DATA SUPPLIED:
+++

(* For every $a>0$ there is a constant $C$ such that $|v(x)|\le C(1+|x|^{p-a})$ for all $x\notin K$.
   Context: Let $d\ge2$, $\Sigma$ an open connected subset of $\mathbb S^{d-1}$ regular for the Laplace–Beltrami operator $L$, $K=\{t\theta:t>0,\theta\in\Sigma\}$. $\lambda_1>0$ and $m_1>0$ are the principal Dirichlet eigenvalue and eigenfunction ($Lm_1=-\lambda_1m_1$ in $\Sigma$, $m_1=0$ on $\partial\Sigma$), $p=\sqrt{\lambda_1+(d/2-1)^2}-(d/2-1)$, $u(x)=|x|^pm_1(x/|x|)$. Assume $m_1$ extends, as a solution of $Lm_1=-\lambda_1m_1$, to an open connected $\widetilde\Sigma\supset\Sigma$ with ${\rm dist}(\partial\Sigma,\partial\widetilde\Sigma)>0$, so that $u$ (same formula) is harmonic on the cone $\widetilde K$ generated by $\widetilde\Sigma$. For $\eta>0$ let $K^\eta=\{y:|y-x|<\eta|x|\text{ for some }x\in K\}$, with $\eta$ fixed so that $K\subset K^{4\eta}\subset\widetilde K$. For $a>0$ let $G=K^\eta\cap(K\cup\{x\notin K:{\rm dist}(x,\partial K)\le|x|^{1-a}\})$ and $v(x)=u(x)$ for $x\in G$, $v(x)=|x|^{p-a}$ for $x\notin G$. *)

From HB Require Import structures.
From mathcomp Require Import all_boot all_order all_algebra.
From mathcomp Require Import all_classical all_reals all_analysis.
Set Implicit Arguments. Unset Strict Implicit. Unset Printing Implicit Defensive.
Import Order.TTheory GRing.Theory Num.Theory.
Import numFieldNormedType.Exports.
Local Open Scope classical_set_scope.
Local Open Scope ring_scope.

Section Defs.
Variables (R : realType) (d : nat).
Local Notation V := 'rV[R]_d.

Definition enorm (x : V) : R := Num.sqrt (\sum_(i < d) (x ord0 i) ^+ 2).

Definition sphere : set V := [set x | enorm x = 1].

Definition sphere_open (S : set V) : Prop :=
  S `<=` sphere /\ exists O : set V, open O /\ S = O `&` sphere.

(* boundary of an open subset S of the sphere, relative to the sphere
   (the sphere is closed, so this is closure S minus S) *)
Definition sbd (S : set V) : set V := closure S `\` S.

Definition bd (A : set V) : set V := closure A `\` interior A.

Definition dist_set (x : V) (A : set V) : R := inf [set enorm (x - y) | y in A].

+++

PROBLEM TO WORK ON:
Copy out each entry precisely. Leave nothing out.

FINAL ANSWER:
(* For every $a>0$ there is a constant $C$ such that $|v(x)|\le C(1+|x|^{p-a})$ for all $x\notin K$.
   Context: Let $d\ge2$, $\Sigma$ an open connected subset of $\mathbb S^{d-1}$ regular for the Laplace–Beltrami operator $L$, $K=\{t\theta:t>0,\theta\in\Sigma\}$. $\lambda_1>0$ and $m_1>0$ are the principal Dirichlet eigenvalue and eigenfunction ($Lm_1=-\lambda_1m_1$ in $\Sigma$, $m_1=0$ on $\partial\Sigma$), $p=\sqrt{\lambda_1+(d/2-1)^2}-(d/2-1)$, $u(x)=|x|^pm_1(x/|x|)$. Assume $m_1$ extends, as a solution of $Lm_1=-\lambda_1m_1$, to an open connected $\widetilde\Sigma\supset\Sigma$ with ${\rm dist}(\partial\Sigma,\partial\widetilde\Sigma)>0$, so that $u$ (same formula) is harmonic on the cone $\widetilde K$ generated by $\widetilde\Sigma$. For $\eta>0$ let $K^\eta=\{y:|y-x|<\eta|x|\text{ for some }x\in K\}$, with $\eta$ fixed so that $K\subset K^{4\eta}\subset\widetilde K$. For $a>0$ let $G=K^\eta\cap(K\cup\{x\notin K:{\rm dist}(x,\partial K)\le|x|^{1-a}\})$ and $v(x)=u(x)$ for $x\in G$, $v(x)=|x|^{p-a}$ for $x\notin G$. *)

From HB Require Import structures.
From mathcomp Require Import all_boot all_order all_algebra.
From mathcomp Require Import all_classical all_reals all_analysis.
Set Implicit Arguments. Unset Strict Implicit. Unset Printing Implicit Defensive.
Import Order.TTheory GRing.Theory Num.Theory.
Import numFieldNormedType.Exports.
Local Open Scope classical_set_scope.
Local Open Scope ring_scope.

Section Defs.
Variables (R : realType) (d : nat).
Local Notation V := 'rV[R]_d.

Definition enorm (x : V) : R := Num.sqrt (\sum_(i < d) (x ord0 i) ^+ 2).

Definition sphere : set V := [set x | enorm x = 1].

Definition sphere_open (S : set V) : Prop :=
  S `<=` sphere /\ exists O : set V, open O /\ S = O `&` sphere.

(* boundary of an open subset S of the sphere, relative to the sphere
   (the sphere is closed, so this is closure S minus S) *)
Definition sbd (S : set V) : set V := closure S `\` S.

Definition bd (A : set V) : set V := closure A `\` interior A.

Definition dist_set (x : V) (A : set V) : R := inf [set enorm (x - y) | y in A].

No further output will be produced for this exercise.